R. Milhões de decisões estão sendo tomadas com o apoio de inteligência artificial sem nenhuma transparência. Se você é discriminado, nem sabe se foi por causa de uma pessoa ou de um algoritmo. Cabe a nós contextualizar, e aí os países vão avançar nas suas próprias tomadas de decisão. Em meus 20 anos de experiência em organismos multilaterais, aprendi que é possível avançar com evidências concretas, mostrando quais são as previsões para determinados desenvolvimentos e apontando como os países que têm boas regulamentações não ficam para trás na competição tecnológica.

P. Os tratados de não proliferação nuclear da Guerra Fria faziam sentido porque os Estados Unidos e a União Soviética estavam envolvidos. O que aconteceria no caso da IA ​​se algum jogador importante fosse deixado de fora?

R. Quando cheguei à Unesco, há três anos, muitas pessoas me diziam: de que adianta trabalhar em uma estrutura ética para IA se os EUA, que é o principal desenvolvedor, não são membros da Unesco? A recomendação foi assinada por 193 países, incluindo a China. Os Estados Unidos vão ficar atentos porque o que estamos fazendo não é impor um modelo único, mas conscientizar. Queremos estabelecer um roteiro sobre como entender a IA, como abordar esses desenvolvimentos, como evitar impactos negativos, como defini-los e como promover regulamentações e instituições.

P. No desenvolvimento da IA, o plano geopolítico é importante.
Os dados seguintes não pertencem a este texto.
(** A compact uniformly attracting set is covered by finitely many [eps/2]-balls, whose
    centres are then uniformly [eps]-absorbing.  Conversely, choose finite sets [l n]
    that are uniformly [1/(n+1)]-absorbing and let [K] be the set of points lying within
    [1/(n+1)] of [l n] for every [n].  Both the compactness of [K] (in a complete space)
    and its uniform attraction follow from one fact: a grill that contains the whole
    space and is stable under intersection with each of the finite unions of closed
    balls defining [K] has a cluster point in [K].  For compactness the grill consists
    of the sets whose trace on [K] has no finite subcover; for attraction, of the sets
    visited infinitely often by a sequence of late orbit points staying [eps] away
    from [K]. *)

From Stdlib Require Import Reals Lra Lia List Classical ClassicalEpsilon.

Definition net_radius (n : nat) : R := / INR (S n).

Lemma net_radius_pos n : 0 < net_radius n.
Proof. unfold net_radius; apply Rinv_0_lt_compat, lt_0_INR; lia. Qed.

Lemma net_radius_small eps : 0 < eps -> exists N, 2 * net_radius N < eps.
Proof.
  intro Heps. destruct (archimed_cor1 (eps / 2)) as [N [HN HN0]]; [lra|].
  exists N. unfold net_radius.
  assert (/ INR (S N) <= / INR N).
  { apply Rinv_le_contravar; [apply lt_0_INR; lia | apply le_INR; lia]. }
  lra.
Qed.

Lemma dist_self (X : MetricSpace) (x : X) : dist x x = 0.
Proof. apply dist_eq0; reflexivity. Qed.

Lemma dist_le_limit (X : MetricSpace) (u : nat -> X) (y c : X) (r : R) (N : nat) :
  seq_converges_to u y -> (forall n, (N <= n)%nat -> dist c (u n) <= r) ->
  dist c y <= r.
Proof.
  intros Hu Hc. apply Rnot_lt_le; intro Hlt.
  destruct (Hu (dist c y - r)) as [M HM]; [lra|].
  specialize (HM (max N M) ltac:(lia)).
  specialize (Hc (max N M) ltac:(lia)).
  pose proof (dist_tri X c (u (max N M)) y). lra.
Qed.

Record grill {X : Type} (G : (X -> Prop) -> Prop) : Prop := {
  grill_mono : forall A B, G A -> (forall y, A y -> B y) -> G B;
  grill_union : forall A B C, G A -> (forall y, A y -> B y \/ C y) -> G B \/ G C;
  grill_empty : ~ G (fun _ => False)
}.

Section GrillFacts.
Variables (X : Type) (G : (X -> Prop) -> Prop).
Hypothesis HG : grill G.

Lemma grill_inhabited A : G A -> exists y, A y.
Proof.
  intro HA. apply NNPP; intro Hno. apply (grill_empty G HG).
  apply (grill_mono G HG A); auto. intros y Ay; apply Hno; eauto.
Qed.

Lemma grill_finite_union (T : Type) (L : list T) (Q : T -> X -> Prop) A :
  G A -> (forall y, A y -> exists f, In f L /\ Q f y) ->
  exists f, In f L /\ G (fun y => A y /\ Q f y).
Proof.
  revert A; induction L as [|a L IH]; intros A HA HQ.
  - exfalso. apply (grill_empty G HG), (grill_mono G HG A); auto.
    intros y Ay. destruct (HQ y Ay) as [f [[] _]].
  - destruct (grill_union G HG A (fun y => A y /\ Q a y)
                (fun y => A y /\ exists f, In f L /\ Q f y) HA) as [Ha | HL].
    + intros y Ay. destruct (HQ y Ay) as [f [[<- | Hf] Hq]]; [left | right]; eauto.
    + exists a; split; [left|]; auto.
    + destruct (IH _ HL) as [f [Hf Hb]]; [intros y [_ Hy]; exact Hy|].
      exists f; split; [right; exact Hf|].
      apply (grill_mono G HG _ _ Hb). intros y [[Ay _] Hq]; auto.
Qed.

End GrillFacts.

Lemma frequently_grill (X : Type) (w : nat -> X) :
  grill (fun A => forall M, exists k, (M <= k)%nat /\ A (w k)).
Proof.
  split.
  - intros A B HA HAB M. destruct (HA M) as [k [Hk Ak]]; eauto.
  - intros A B C HA Hs. apply NNPP; intro Hn. apply not_or_and in Hn as [HB HC].
    apply not_all_ex_not in HB as [M1 HM1]. apply not_all_ex_not in HC as [M2 HM2].
    destruct (HA (max M1 M2)) as [k [Hk Ak]].
    destruct (Hs _ Ak); [apply HM1 | apply HM2]; exists k; split; auto; lia.
  - intro H0. destruct (H0 0%nat) as [k [_ []]].
Qed.

Lemma uncovered_grill (X I : Type) (K : X -> Prop) (O : I -> X -> Prop) :
  grill (fun A => ~ exists L : list I, forall x, K x -> A x -> exists i, In i L /\ O i x).
Proof.
  split.
  - intros A B HA HAB [L HL]. apply HA. exists L. auto.
  - intros A B C HA Hs. apply NNPP; intro Hn. apply not_or_and in Hn as [HB HC].
    apply NNPP in HB as [L1 H1]. apply NNPP in HC as [L2 H2].
    apply HA. exists (L1 ++ L2). intros x Kx Ax.
    destruct (Hs x Ax) as [Bx | Cx];
      [destruct (H1 x Kx Bx) as [i [Hi Oi]] | destruct (H2 x Kx Cx) as [i [Hi Oi]]];
      exists i; split; auto; apply in_or_app; auto.
  - intro H0. apply H0. exists nil. intros x _ [].
Qed.

Definition net_nbhd {X : MetricSpace} (l : nat -> list X) (n : nat) (y : X) : Prop :=
  exists f, In f (l n) /\ dist f y <= net_radius n.

Definition net_limit_set {X : MetricSpace} (l : nat -> list X) (y : X) : Prop :=
  forall n, net_nbhd l n y.

Fixpoint refine_chain {X : MetricSpace} (c : nat -> (X -> Prop) -> X) (n : nat) : X -> Prop :=
  match n with
  | O => fun _ => True
  | S m => fun y => refine_chain c m y /\ dist (c m (refine_chain c m)) y <= net_radius m
  end.

Section GrillClusterPoint.
Variables (X : MetricSpace) (l : nat -> list X) (G : (X -> Prop) -> Prop).
Hypotheses (HX : complete_metric X) (HG : grill G) (Hfull : G (fun _ => True))
  (Hshrink : forall A n, G A -> G (fun y => A y /\ net_nbhd l n y)).

Lemma grill_refine n A :
  G A -> exists f, In f (l n) /\ G (fun y => A y /\ dist f y <= net_radius n).
Proof.
  intro HA.
  destruct (grill_finite_union X G HG X (l n) (fun f y => dist f y <= net_radius n)
              (fun y => A y /\ net_nbhd l n y)) as [f [Hf Hb]].
  - apply Hshrink, HA.
  - intros y [_ Hy]; exact Hy.
  - exists f; split; auto. apply (grill_mono G HG _ _ Hb). intros y [[Ay _] Hd]; auto.
Qed.

Section Chain.
Variable c : nat -> (X -> Prop) -> X.
Hypothesis Hc : forall n A, G A ->
  In (c n A) (l n) /\ G (fun y => A y /\ dist (c n A) y <= net_radius n).

Let center n := c n (refine_chain c n).

Lemma refine_chain_grill n : G (refine_chain c n).
Proof. induction n; simpl; [exact Hfull | apply Hc, IHn]. Qed.

Lemma refine_chain_antitone n m y : (n <= m)%nat -> refine_chain c m y -> refine_chain c n y.
Proof. induction 1; [auto | intros [Hy _]; auto]. Qed.

Lemma refine_chain_near_center n m y :
  (n < m)%nat -> refine_chain c m y -> dist (center n) y <= net_radius n.
Proof. intros Hnm Hy. exact (proj2 (refine_chain_antitone (S n) m y Hnm Hy)). Qed.

Lemma refine_chain_cluster :
  exists y, net_limit_set l y /\
            forall r, 0 < r -> G (fun w => dist y w < r).
Proof.
  destruct (choice (fun n z => refine_chain c (S n) z)) as [z Hz].
  { intro n. apply (grill_inhabited X G HG), refine_chain_grill. }
  assert (Hzc : forall n m, (n <= m)%nat -> dist (center n) (z m) <= net_radius n).
  { intros n m Hnm. apply (refine_chain_near_center n (S m) (z m) ltac:(lia) (Hz m)). }
  assert (Hcauchy : cauchy_seq z).
  { intros eps Heps. destruct (net_radius_small eps Heps) as [N HN].
    exists N. intros m p Hm Hp.
    pose proof (Hzc N m Hm); pose proof (Hzc N p Hp).
    pose proof (dist_tri X (z m) (center N) (z p)).
    rewrite (dist_sym X (z m) (center N)) in *. lra. }
  destruct (HX z Hcauchy) as [y Hy].
  assert (Hcy : forall n, dist (center n) y <= net_radius n).
  { intro n. exact (dist_le_limit X z y _ _ n Hy (Hzc n)). }
  exists y; split.
  - intro n. exists (center n); split; [apply Hc, refine_chain_grill | apply Hcy].
  - intros r Hr. destruct (net_radius_small r Hr) as [N HN].
    apply (grill_mono G HG (refine_chain c (S N))); [apply refine_chain_grill|].
    intros w [_ Hw]. fold (center N) in Hw. pose proof (Hcy N).
    pose proof (dist_tri X y (center N) w). rewrite (dist_sym X y (center N)) in *. lra.
Qed.

End Chain.

Lemma grill_cluster_point :
  exists y, net_limit_set l y /\ forall r, 0 < r -> G (fun w => dist y w < r).
Proof.
  destruct (grill_inhabited X G HG _ Hfull) as [y0 _].
  destruct (choice (fun (p : nat * (X -> Prop)) f => G (snd p) ->
              In f (l (fst p)) /\ G (fun y => snd p y /\ dist f y <= net_radius (fst p))))
    as [c Hc].
  { intros [n A]. destruct (classic (G A)) as [HA | HA].
    - destruct (grill_refine n A HA) as [f Hf]. exists f; auto.
    - exists y0; tauto. }
  exact (refine_chain_cluster (fun n A => c (n, A)) (fun n A HA => Hc (n, A) HA)).
Qed.

End GrillClusterPoint.

Lemma net_limit_set_compact (X : MetricSpace) (l : nat -> list X) :
  complete_metric X -> compact (net_limit_set l).
Proof.
  intros HX I O Hopen Hcov. apply NNPP; intro Hno.
  destruct (grill_cluster_point X l _ HX (uncovered_grill X I (net_limit_set l) O))
    as [y [Ky Hball]].
  - intros [L HL]. apply Hno. exists L. intros x Kx. apply HL; auto.
  - intros A n HA [L HL]. apply HA. exists L. intros x Kx Ax. apply HL; auto.
  - destruct (Hcov y Ky) as [i Oi]. destruct (Hopen i y Oi) as [r [Hr Hro]].
    apply (Hball r Hr). exists (i :: nil). intros x _ Hx.
    exists i; split; [left; reflexivity | apply Hro, Hx].
Qed.

Lemma net_limit_set_attracting (X : MetricSpace) (S : Type)
    (U : S -> R -> R -> X -> X) (l : nat -> list X) :
  complete_metric X ->
  (forall n, uniformly_absorbing U (eps_nbhd (net_radius n) (fun x => In x (l n)))) ->
  uniformly_attracting U (net_limit_set l).
Proof.
  intros HX Habs C HC eps Heps. apply NNPP; intro Hno.
  destruct (choice (fun (k : nat) w =>
      (exists sigma t tau x, tau <= t /\ INR k <= t - tau /\ C x /\ w = U sigma t tau x) /\
      forall xi, net_limit_set l xi -> eps <= dist w xi)) as [w Hw].
  { intro k. apply NNPP; intro Hk. apply Hno. exists (INR k).
    intros t tau Htau Hk' sigma x Cx. apply NNPP; intro Hx. apply Hk.
    exists (U sigma t tau x). split; [exists sigma, t, tau, x; auto|].
    intros xi Kxi. apply Rnot_lt_le; intro Hd. apply Hx. eauto. }
  destruct (grill_cluster_point X l _ HX (frequently_grill X w)) as [y [Ky Hball]].
  - intro M; exists M; auto.
  - intros A n HA M. destruct (Habs n C HC) as [te Hte].
    destruct (INR_unbounded te) as [N HN].
    destruct (HA (max M N)) as [k [Hk Ak]].
    exists k; split; [lia | split; [exact Ak|]].
    destruct (Hw k) as [[sigma [t [tau [x [Htau [Hlate [Cx ->]]]]]]] _].
    assert (INR N <= INR k) by (apply le_INR; lia).
    destruct (Hte sigma t tau Htau ltac:(lra) x Cx) as [f [Hf Hd]].
    exists f; split; [exact Hf | lra].
  - destruct (Hball eps Heps 0%nat) as [k [_ Hk]].
    pose proof (proj2 (Hw k) y Ky). rewrite dist_sym in Hk. lra.
Qed.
R. Sim, estamos no meio de uma corrida tecnológica. Agora está sendo decidido que tipo de tecnologia será adotada. Todos os países estão adquirindo pacotes de IA para gerenciar educação, saúde ou segurança. Como você garante que eles entendam o que estão comprando? Quem é produtor dessas tecnologias e tem interesse em ter um maior número de usuários de sua tecnologia está atento ao que está acontecendo em termos de regulamentação. A China faz parte do consenso da UNESCO. Você vai cumprir o acordo? Bem, eles assinaram, não é?

P. O ChatGPT, que tem apenas seis meses, colocou a IA generativa entre os grandes temas da atualidade. Quanto tempo temos para desenvolver mecanismos de governança adequados para regular essa tecnologia?

R. Já estamos nisso. A União Européia já foi longe demais com suas diretrizes, com sua abordagem baseada no risco. É uma abordagem diferente da da Unesco, mas muito complementar para analisar que tipo de desenvolvimento apresenta maior risco. Eu diria que se as diretivas da União Europeia já estivessem totalmente em vigor, o ChatGPT não teria entrado no mercado. Porque? Porque teria características de empreendimentos que envolvem grandes riscos e que requerem atenção especial do regulador. O que aconteceu com o ChatGPT fez-nos dar este sentido de urgência ao que já fazíamos. A recomendação da Unesco foi adotada entre 2020 e 2021. As diretivas da UE, entre 2020 e 2022. Estamos indo bem.